Esta iniciativa, porém, gorou-se, apesar das muitas reuniões efectuadas para o efeito, porque apareciam sempre uns «espertos» que, lembrando-se talvez do que tinha acontecido com a Empresa do Sal, não aceitavam dela fazer parte, para tirarem vantagens do sacrifício dos restantes. E o resultado viu-se: uma quantidade de marinhas abandonadas, isto é, sem serem exploradas, porque não compensava o custo da exploração.

Como os produtores do sal não quiseram entender-se, foram obrigados, para de algum modo moralizar o seu comércio, a entrar, por força legal, para o Grémio do Comércio de Aveiro.

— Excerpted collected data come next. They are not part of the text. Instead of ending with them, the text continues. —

(* Let $N\ge 1$. Inside $S^{N-1}_{\mathbb R,+}$ the following equalities hold: $$S^{N-1}_{\mathbb R}\cap\bar S^{N-1}_{\mathbb R}=S^{N-1,0}_{\mathbb R},\qquad S^{N-1}_{\mathbb R}\cap\bar S^{N-1}_{\mathbb R,*}=S^{N-1,1}_{\mathbb R},$$ $$S^{N-1}_{\mathbb R,*}\cap\bar S^{N-1}_{\mathbb R}=\bar S^{N-1,1}_{\mathbb R},\qquad S^{N-1}_{\mathbb R,*}\cap\bar S^{N-1}_{\mathbb R,*}=S^{N-1,1}_{\mathbb R,*}.$$ Moreover one has the inclusions $S^{N-1,0}_{\mathbb R}\subset S^{N-1,1}_{\mathbb R}\subset S^{N-1}_{\mathbb R}$, $S^{N-1,0}_{\mathbb R}\subset\bar S^{N-1,1}_{\mathbb R}\subset\bar S^{N-1}_{\mathbb R}$, $\bar S^{N-1,1}_{\mathbb R}\subset S^{N-1,1}_{\mathbb R,*}\subset S^{N-1}_{\mathbb R,*}$, $S^{N-1,1}_{\mathbb R}\subset S^{N-1,1}_{\mathbb R,*}\subset\bar S^{N-1}_{\mathbb R,*}$, $\bar S^{N-1}_{\mathbb R}\subset\bar S^{N-1}_{\mathbb R,*}\subset S^{N-1}_{\mathbb R,+}$ and $S^{N-1}_{\mathbb R}\subset S^{N-1}_{\mathbb R,*}\subset S^{N-1}_{\mathbb R,+}$.
   Context: $C(S^{N-1}_{\mathbb R,+})$ denotes the universal $C^*$-algebra generated by self-adjoint elements $x_1,\dots,x_N$ subject to $\sum_i x_i^2=1$. A noncommutative subspace $X\subset S^{N-1}_{\mathbb R,+}$ is given by a quotient $C(X)$ of $C(S^{N-1}_{\mathbb R,+})$ by relations among the standard coordinates $x_i$; $X\subset Y$ means $C(X)$ is a quotient of $C(Y)$ compatibly with the $x_i$, and $X\cap Y$ is obtained by imposing both sets of relations. Subspheres: $S^{N-1}_{\mathbb R}$: $x_ix_j=x_jx_i$ for all $i,j$ (the usual sphere); $\bar S^{N-1}_{\mathbb R}$: $x_ix_j=-x_jx_i$ for all $i\ne j$; $S^{N-1}_{\mathbb R,*}$: $x_ix_jx_k=x_kx_jx_i$ for all $i,j,k$; $\bar S^{N-1}_{\mathbb R,*}$: $x_ix_jx_k=-x_kx_jx_i$ for $i,j,k$ pairwise distinct and $x_ix_jx_k=x_kx_jx_i$ otherwise. For $d\in\{1,\dots,N\}$, the polygonal versions $S^{N-1,d-1}_{\mathbb R}$, $\bar S^{N-1,d-1}_{\mathbb R}$, $S^{N-1,d-1}_{\mathbb R,*}$, $\bar S^{N-1,d-1}_{\mathbb R,*}$, $S^{N-1,d-1}_{\mathbb R,+}$ are obtained from $S^{N-1}_{\mathbb R}$, $\bar S^{N-1}_{\mathbb R}$, $S^{N-1}_{\mathbb R,*}$, $\bar S^{N-1}_{\mathbb R,*}$, $S^{N-1}_{\mathbb R,+}$ respectively by additionally imposing $x_{i_0}x_{i_1}\cdots x_{i_d}=0$ for all pairwise distinct $i_0,\dots,i_d$ (vacuous when $d=N$). *)

From HB Require Import structures.
From mathcomp Require Import all_boot all_order all_algebra.
Set Implicit Arguments. Unset Strict Implicit. Unset Printing Implicit Defensive.
Import Order.TTheory GRing.Theory Num.Theory.
Local Open Scope ring_scope.

(* Unital (pre-)C*-algebras over a field C of "complex numbers"
   (C : numClosedFieldType, with conjugation z^* ). *)
Record preCstar (C : numClosedFieldType) := PreCstar {
  cs_car :> algType C;
  cs_star : cs_car -> cs_car;
  cs_norm : cs_car -> C;
  cs_star_invol : forall a, cs_star (cs_star a) = a;
  cs_star_add : forall a b, cs_star (a + b) = cs_star a + cs_star b;
  cs_star_scale : forall (c : C) a, cs_star (c *: a) = c^* *: cs_star a;
  cs_star_mul : forall a b, cs_star (a * b) = cs_star b * cs_star a;
  cs_norm_ge0 : forall a, 0 <= cs_norm a;
  cs_norm_eq0 : forall a, cs_norm a = 0 -> a = 0;
  cs_norm_add : forall a b, cs_norm (a + b) <= cs_norm a + cs_norm b;
  cs_norm_scale : forall (c : C) a, cs_norm (c *: a) = `|c| * cs_norm a;
  cs_norm_mul : forall a b, cs_norm (a * b) <= cs_norm a * cs_norm b;
  cs_norm_cstar : forall a, cs_norm (cs_star a * a) = cs_norm a ^+ 2
}.

(* A noncommutative subspace of S^{N-1}_{R,+}, given by relations among the
   coordinates: a predicate on tuples of elements of (pre-)C*-algebras. *)
Definition ncspace (C : numClosedFieldType) (N : nat) :=
  forall A : preCstar C, ('I_N -> A) -> Prop.

Definition sphere_rel (C : numClosedFieldType) (N : nat) (A : preCstar C)
    (x : 'I_N -> A) : Prop :=
  (forall i, cs_star (x i) = x i) /\ \sum_(i < N) x i ^+ 2 = 1.

(* X \subset Y : the relations of Y hold in C(X), i.e. in every
   representation of the relations of X (universal property). *)
Definition ncsub (C : numClosedFieldType) (N : nat) (X Y : ncspace C N) : Prop :=
  forall (A : preCstar C) (x : 'I_N -> A),
    sphere_rel x -> X A x -> Y A x.

Definition ncequal (C : numClosedFieldType) (N : nat) (X Y : ncspace C N) : Prop :=
  ncsub X Y /\ ncsub Y X.

Definition nccap (C : numClosedFieldType) (N : nat) (X Y : ncspace C N) : ncspace C N :=
  fun A x => X A x /\ Y A x.

Definition Sfree (C : numClosedFieldType) (N : nat) : ncspace C N :=
  fun A x => True.

Definition Sclass (C : numClosedFieldType) (N : nat) : ncspace C N :=
  fun A x => forall i j, x i * x j = x j * x i.

Definition Sbar (C : numClosedFieldType) (N : nat) : ncspace C N :=
  fun A x => forall i j, i != j -> x i * x j = - (x j * x i).

Definition Shalf (C : numClosedFieldType) (N : nat) : ncspace C N :=
  fun A x => forall i j k, x i * x j * x k = x k * x j * x i.

Definition Sbarhalf (C : numClosedFieldType) (N : nat) : ncspace C N :=
  fun A x => forall i j k,
    ([&& i != j, j != k & i != k] -> x i * x j * x k = - (x k * x j * x i)) /\
    (~~ [&& i != j, j != k & i != k] -> x i * x j * x k = x k * x j * x i).

(* Polygonal relations with parameter d >= 1 (superscript d-1):
   x_{i_0} x_{i_1} ... x_{i_d} = 0 for pairwise distinct i_0, ..., i_d. *)
Definition poly_rel (C : numClosedFieldType) (N d : nat) : ncspace C N :=
  fun A x => forall t : 'I_d.+1 -> 'I_N, injective t ->
    \prod_(l < d.+1) x (t l) = 0.

Definition polyg (C : numClosedFieldType) (N d : nat) (X : ncspace C N) : ncspace C N :=
  nccap X (@poly_rel C N d).

Arguments Sfree C N A x : clear implicits.
Arguments Sclass C N A x : clear implicits.
Arguments Sbar C N A x : clear implicits.
Arguments Shalf C N A x : clear implicits.
Arguments Sbarhalf C N A x : clear implicits.
Arguments polyg C N d X A x : clear implicits.

From HB Require Import structures.
From mathcomp Require Import all_boot all_order all_algebra.
Set Implicit Arguments.
Import Order.TTheory GRing.Theory Num.Theory.
Local Open Scope ring_scope.

(* Once every product of three distinct coordinates vanishes, the half-commutation
   relation x_i x_j x_k = x_k x_j x_i and its signed version only differ on
   products that are zero, so they coincide; conversely, imposing both a relation
   and its negative gives a = -a, i.e. a = 0 since 2 is invertible.  The same
   mechanism with two coordinates relates commutation, anticommutation and
   x_i x_j = 0.  The inclusions are direct rewriting arguments. *)

Lemma eq_oppv0 (F : numFieldType) (V : lmodType F) (v : V) : v = - v -> v = 0.
Proof.
move=> v_opp; have v2 : v *+ 2 = 0 by rewrite mulr2n {1}v_opp addNr.
have <- : (2%:R^-1 : F) *: (v *+ 2) = v.
  by rewrite -scaler_nat scalerA mulVf ?scale1r // pnatr_eq0.
by rewrite v2 scaler0.
Qed.

Section CoordinateRelations.
Variables (C : numClosedFieldType) (N : nat) (A : preCstar C) (x : 'I_N -> A).

Lemma poly_relP d :
  poly_rel d x <-> forall t : d.+1.-tuple 'I_N, uniq t -> \prod_(i <- t) x i = 0.
Proof.
split=> [rel_x t /tuple_uniqP t_inj | rel_x t t_inj].
  by rewrite big_tuple; exact: rel_x.
have := rel_x [tuple t l | l < d.+1].
rewrite big_tuple; under eq_bigr do rewrite tnth_mktuple; apply.
by rewrite map_inj_uniq ?enum_uniq.
Qed.

Lemma poly_relS d : poly_rel d x -> poly_rel d.+1 x.
Proof.
move=> rel_x t t_inj; rewrite big_ord_recr /= [X in X * _]rel_x ?mul0r //.
by move=> l l' /t_inj [] /val_inj.
Qed.

Lemma poly_rel1P : poly_rel 1 x <-> forall i j, i != j -> x i * x j = 0.
Proof.
split=> [/poly_relP rel_x i j ij | rel_x]; last apply/poly_relP => t.
  have := rel_x [tuple i; j]; rewrite !big_cons big_nil mulr1; apply.
  by rewrite /= inE ij.
case: t => -[|i [|j []]] //= _; rewrite inE andbT => ij.
by rewrite !big_cons big_nil mulr1 rel_x.
Qed.

Lemma poly_rel2P : poly_rel 2 x <->
  forall i j k, [&& i != j, j != k & i != k] -> x i * x j * x k = 0.
Proof.
split=> [/poly_relP rel_x i j k ijk | rel_x]; last apply/poly_relP => t.
  have := rel_x [tuple i; j; k]; rewrite !big_cons big_nil mulr1 mulrA; apply.
  by case/and3P: ijk => ij jk ik; rewrite /= !inE negb_or ij ik jk.
case: t => -[|i [|j [|k []]]] //= _; rewrite !inE negb_or => /and3P[/andP[ij ik] jk _].
by rewrite !big_cons big_nil mulr1 mulrA rel_x // ij jk ik.
Qed.

Lemma poly_rel2_rev {i j k} : poly_rel 2 x -> [&& i != j, j != k & i != k] ->
  x i * x j * x k = 0 /\ x k * x j * x i = 0.
Proof.
move/poly_rel2P=> rel_x ijk; split; apply: rel_x => //.
by case/and3P: ijk => ij jk ik; rewrite ![k == _]eq_sym [j == i]eq_sym ij jk ik.
Qed.

Lemma Sclass_Shalf : Sclass C N A x -> Shalf C N A x.
Proof.
move=> comm i j k.
by rewrite -mulrA [x j * x k]comm mulrA [x i * x k]comm -mulrA [x i * x j]comm mulrA.
Qed.

Lemma Sbar_Sbarhalf : Sbar C N A x -> Sbarhalf C N A x.
Proof.
move=> anti i j k; split=> [/and3P[ij jk ik] | ijk].
  rewrite (anti i j ij) mulNr -[x j * x i * x k]mulrA (anti i k ik) mulrN opprK mulrA.
  by rewrite (anti j k jk) mulNr.
have [<- // | ik] := eqVneq i k.
have [<- | ij] := eqVneq i j.
  by rewrite -mulrA (anti i k ik) mulrN mulrA (anti i k ik) mulNr opprK.
have [jk | jk] := eqVneq j k; last by rewrite ij jk ik in ijk.
by rewrite jk (anti i k ik) mulNr -[x k * x i * x k]mulrA (anti i k ik) mulrN opprK mulrA.
Qed.

Lemma Sclass_Sbar_poly_rel1 : Sclass C N A x -> Sbar C N A x -> poly_rel 1 x.
Proof.
move=> comm anti; apply/poly_rel1P => i j ij; apply: eq_oppv0.
by rewrite {1}(anti i j ij) (comm j i).
Qed.

Lemma poly_rel1_Sbar : poly_rel 1 x -> Sbar C N A x.
Proof. by move/poly_rel1P=> rel_x i j ij; rewrite !rel_x ?oppr0 // eq_sym. Qed.

Lemma Shalf_Sbarhalf_poly_rel2 :
  Shalf C N A x -> Sbarhalf C N A x -> poly_rel 2 x.
Proof.
move=> half barhalf; apply/poly_rel2P => i j k ijk; apply: eq_oppv0.
by rewrite {1}(proj1 (barhalf i j k) ijk) -(half i j k).
Qed.

Lemma Shalf_poly_rel2_Sbarhalf :
  Shalf C N A x -> poly_rel 2 x -> Sbarhalf C N A x.
Proof.
move=> half rel_x i j k; split=> [ijk | _]; last exact: half.
by have [-> ->] := poly_rel2_rev rel_x ijk; rewrite oppr0.
Qed.

Lemma Sbar_poly_rel2_Shalf : Sbar C N A x -> poly_rel 2 x -> Shalf C N A x.
Proof.
move=> anti rel_x i j k; have [ijk | ijk] := boolP [&& i != j, j != k & i != k].
  by have [-> ->] := poly_rel2_rev rel_x ijk.
exact: (proj2 (Sbar_Sbarhalf anti i j k)).
Qed.

End CoordinateRelations.

Theorem proposition1p2 (C : numClosedFieldType) (N : nat) (hN : (1 <= N)%N) :
  (* equalities; S^{N-1,0} has d = 1, S^{N-1,1} has d = 2 *)
  [/\ ncequal (nccap (Sclass C N) (Sbar C N)) (polyg C N 1 (Sclass C N)),
      ncequal (nccap (Sclass C N) (Sbarhalf C N)) (polyg C N 2 (Sclass C N)),
      ncequal (nccap (Shalf C N) (Sbar C N)) (polyg C N 2 (Sbar C N)) &
      ncequal (nccap (Shalf C N) (Sbarhalf C N)) (polyg C N 2 (Shalf C N))] /\
  (* inclusions *)
  [/\ ncsub (polyg C N 1 (Sclass C N)) (polyg C N 2 (Sclass C N)) /\
        ncsub (polyg C N 2 (Sclass C N)) (Sclass C N),
      ncsub (polyg C N 1 (Sclass C N)) (polyg C N 2 (Sbar C N)) /\
        ncsub (polyg C N 2 (Sbar C N)) (Sbar C N),
      ncsub (polyg C N 2 (Sbar C N)) (polyg C N 2 (Shalf C N)) /\
        ncsub (polyg C N 2 (Shalf C N)) (Shalf C N),
      ncsub (polyg C N 2 (Sclass C N)) (polyg C N 2 (Shalf C N)) /\
        ncsub (polyg C N 2 (Shalf C N)) (Sbarhalf C N) &
      (ncsub (Sbar C N) (Sbarhalf C N) /\ ncsub (Sbarhalf C N) (Sfree C N)) /\
      (ncsub (Sclass C N) (Shalf C N) /\ ncsub (Shalf C N) (Sfree C N))].
Proof.
split.
  split; split=> A x _ [X Y]; split=> //.
  - exact: Sclass_Sbar_poly_rel1.
  - exact: poly_rel1_Sbar.
  - exact: Shalf_Sbarhalf_poly_rel2 (Sclass_Shalf X) Y.
  - exact: Shalf_poly_rel2_Sbarhalf (Sclass_Shalf X) Y.
  - exact: Shalf_Sbarhalf_poly_rel2 X (Sbar_Sbarhalf Y).
  - exact: Sbar_poly_rel2_Shalf.
  - exact: Shalf_Sbarhalf_poly_rel2.
  - exact: Shalf_poly_rel2_Sbarhalf.
have polyg_sub d X : ncsub (polyg C N d X) X by move=> A x _ [].
split.
- split; last exact: polyg_sub.
  by move=> A x _ [X Y]; split=> //; exact: poly_relS.
- split; last exact: polyg_sub.
  by move=> A x _ [_ /[dup] /poly_rel1_Sbar X /poly_relS Y].
- split; last exact: polyg_sub.
  by move=> A x _ [X Y]; split=> //; exact: Sbar_poly_rel2_Shalf.
- split; first by move=> A x _ [/Sclass_Shalf X Y].
  by move=> A x _ []; exact: Shalf_poly_rel2_Sbarhalf.
- by split; split=> A x _ //; [exact: Sbar_Sbarhalf | exact: Sclass_Shalf].
Qed.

Voltemos a falar das profissões: havia os ilheiros que, para evitar que o sol mirrasse o junco, iam para o trabalho de madrugada, sendo certo que, no Verão, à hora em que o pessoal das marinhas ia para a faina, já eles tinham apanhado a maré de junco (um barco) que, à tardinha, ao regressar da marinha (onde também tinham trabalhado) transportavam para o Cais do Alboi, ou para o Cais dos Santos Mártires.

Os chincheiros tinham uma vida penosa, pelo que poucos homens a desejavam, visto que, muitas vezes, estando a descansar nas suas camas, ao chamamento do arrais tinham de se levantar e, de gabão amarrado com uma corda, ir para a água, acontecendo muitas vezes terem de por lá ficara noite toda.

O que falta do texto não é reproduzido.